According to market and credit analysts, this positive momentum builds on the upgrades that began in 2023 and continued through 2025, as Greece exited its post‑debt‑crisis “junk” status and regained full investment‑grade ratings from major agencies.

March signals key turning‑point reviews

 March 2026:

  • Moody’s: The American rating giant — which currently places Greece at BBB‑ (stable outlook) — will release its first 2026 sovereign credit review. A positive shift could move Greece closer to A‑grade territory, matching many Eurozone peers.
  • DBRS Morningstar and Scope Ratings: Both agencies, already at BBB (stable outlook), are expected to reaffirm or potentially elevate Greece’s rating. Scope, in particular, has been a trailblazer, being the first to restore Greece to investment grade and to upgrade it within that category.

Later in the spring and early summer 2026, S&P Global and Fitch Ratings are also scheduled to publish their sovereign credit reviews — potentially cementing the next wave of upward revisions.


Why the upgrades matter

A stronger sovereign rating carries multiple implications for Greece’s economy:

  •  Lower borrowing costs — Government bond yields tend to fall as perceived credit risk declines.
  •  Broader investor appeal — Higher ratings make Greek bonds more attractive to conservative institutional investors like pension funds and insurance companies.
  •  Economic confidence and stability — Stronger ratings reflect improved fiscal discipline and structural resilience.

Greek 10‑year bond yields have tightened markedly compared to European counterparts, reflecting this trend of growing confidence.

What’s driving the improvements

The backdrop behind Greece’s rating upgrades includes several positive economic trends:

  •  Fiscal consolidation: The 2026 budget projects a primary surplus of around 2.8% of GDP.
  •  Debt reduction: Gross public debt is expected to decline further to 138.2% of GDP in 2026, down from 145.9% in 2025, and under 120% by 2029.
  •  Economic growth: Real GDP is projected to grow by approximately 2.4% in 2026.
  •  Banking sector strengthening: Banks have reduced non‑performing loans and improved capital buffers closer to Eurozone averages, boosting financial system stability.

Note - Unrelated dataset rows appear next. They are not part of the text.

(* Pair each assignment with the one obtained by flipping the value at l. *)
Lemma sum_mul_avg (l : V) (G : {ffun V -> bool} -> R)
    (h : bool -> {ffun V -> bool} -> R) c :
  (forall a b, G (ffun_upd a l b) = G a) ->
  (forall a b b', h b (ffun_upd a l b') = h b a) ->
  (forall a, G a != 0 -> h true a + h false a = c) ->
  \sum_a G a * h (a l) a = c / 2%:R * \sum_a G a.
Proof.
move=> HG Hh Hc.
pose flip a := ffun_upd a l (~~ a l).
have flipK : involutive flip.
  move=> a; apply/ffunP => x; rewrite !ffun_updE eqxx negbK.
  by case: eqP => // ->.
have sum_flip : \sum_a G a * h (a l) a = \sum_a G a * h (~~ a l) a.
  rewrite (reindex_inj (inv_inj flipK)); apply: eq_bigr => a _.
  by rewrite /flip HG Hh ffun_updE eqxx.
have sum_twice : (\sum_a G a * h (a l) a) *+ 2 = c * \sum_a G a.
  rewrite mulr2n {2}sum_flip -big_split mulr_sumr; apply: eq_bigr => a _.
  rewrite /= -mulrDr; have [-> | HGa] := eqVneq (G a) 0; first by rewrite !mul0r mulr0.
  by rewrite mulrC; case: (a l); rewrite /= -(Hc _ HGa) // addrC.
by rewrite mulrAC -sum_twice -mulr_natr mulfK // pnatr_eq0.
Qed.

Lemma sum_mul_prod_avg (s : seq V) (Psi : {ffun V -> bool} -> R)
    (phi : V -> bool -> {ffun V -> bool} -> R) (c : V -> R) :
  uniq s ->
  (forall l, l \in s -> forall a b, Psi (ffun_upd a l b) = Psi a) ->
  (forall l l', l \in s -> l' \in s ->
     forall a b b', phi l' b (ffun_upd a l b') = phi l' b a) ->
  (forall l, l \in s -> forall a, Psi a != 0 -> phi l true a + phi l false a = c l) ->
  \sum_a Psi a * \prod_(l <- s) phi l (a l) a = \prod_(l <- s) (c l / 2%:R) * \sum_a Psi a.
Proof.
elim: s Psi => [|l s IH] Psi /= Hu HPsi Hphi Hc.
  by rewrite big_nil mul1r; apply: eq_bigr => a _; rewrite big_nil mulr1.
case/andP: Hu => Hls Hu.
have sub x : x \in s -> x \in l :: s by move=> Hx; rewrite inE Hx orbT.
transitivity (\sum_a (Psi a * \prod_(l' <- s) phi l' (a l') a) * phi l (a l) a).
  by apply: eq_bigr => a _; rewrite big_cons mulrCA mulrC.
rewrite (sum_mul_avg (c := c l)) => [|a b|a b b'|a HG].
- rewrite big_cons -mulrA IH ?mulrA // => [x /sub|x y /sub Hx /sub|x /sub].
  + exact: HPsi.
  + exact: Hphi.
  + exact: Hc.
- rewrite HPsi ?mem_head //; congr (_ * _); apply: eq_big_seq => l' Hl'.
  have Hne : (l' == l) = false by apply: contraNF Hls => /eqP <-.
  by rewrite ffun_updE Hne Hphi ?mem_head ?sub.
- by rewrite Hphi ?mem_head.
- by apply: (Hc l (mem_head _ _)); apply: contraNneq HG => ->; rewrite mul0r.
Qed.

These fundamentals — tighter fiscal management, shrinking debt burdens and resilient institutions — underpin the reason agencies are considering further upgrades.

Rating agencies: recent history and expectations

In March 2025, Moody’s upgraded Greece’s sovereign rating to Baa3 — an investment‑grade level — from Ba1 due to rapid public finance improvements and enhanced economic resilience.

Other agencies now assign Greece investment‑grade status at or near BBB, with S&P, Fitch, DBRS and Scope already affirming ratings at that level, leaving Moody’s as the only major house slightly below the others ahead of 2026 reviews.

Market analysts note that Scope’s positive outlook makes it a likely candidate to move Greece up even further, possibly to BBB+ — just one step shy of the coveted A level — as early as March or at its second review in September.

What this means for markets and policy

A sequence of upgrades in 2026 would be seen as endorsement of Greece’s economic strategy — emphasizing fiscal discipline, debt reduction and institutional reform — and would likely help keep borrowing costs in check even as global rates trend higher.

For investors and policymakers alike, these reviews are not just technical rulings, but signals of Greece’s evolving creditworthiness and economic legitimacy on the international stage, especially after years of crisis and recovery.

Greece appears on track for a further round of sovereign rating increases in 2026, beginning with major reviews in March by Moody’s, DBRS and Scope. These upward moves reflect sustained fiscal and economic progress, with the potential to lower borrowing costs and attract broader investor interest, further strengthening confidence in the Greek economy as it continues to shed its crisis legacy.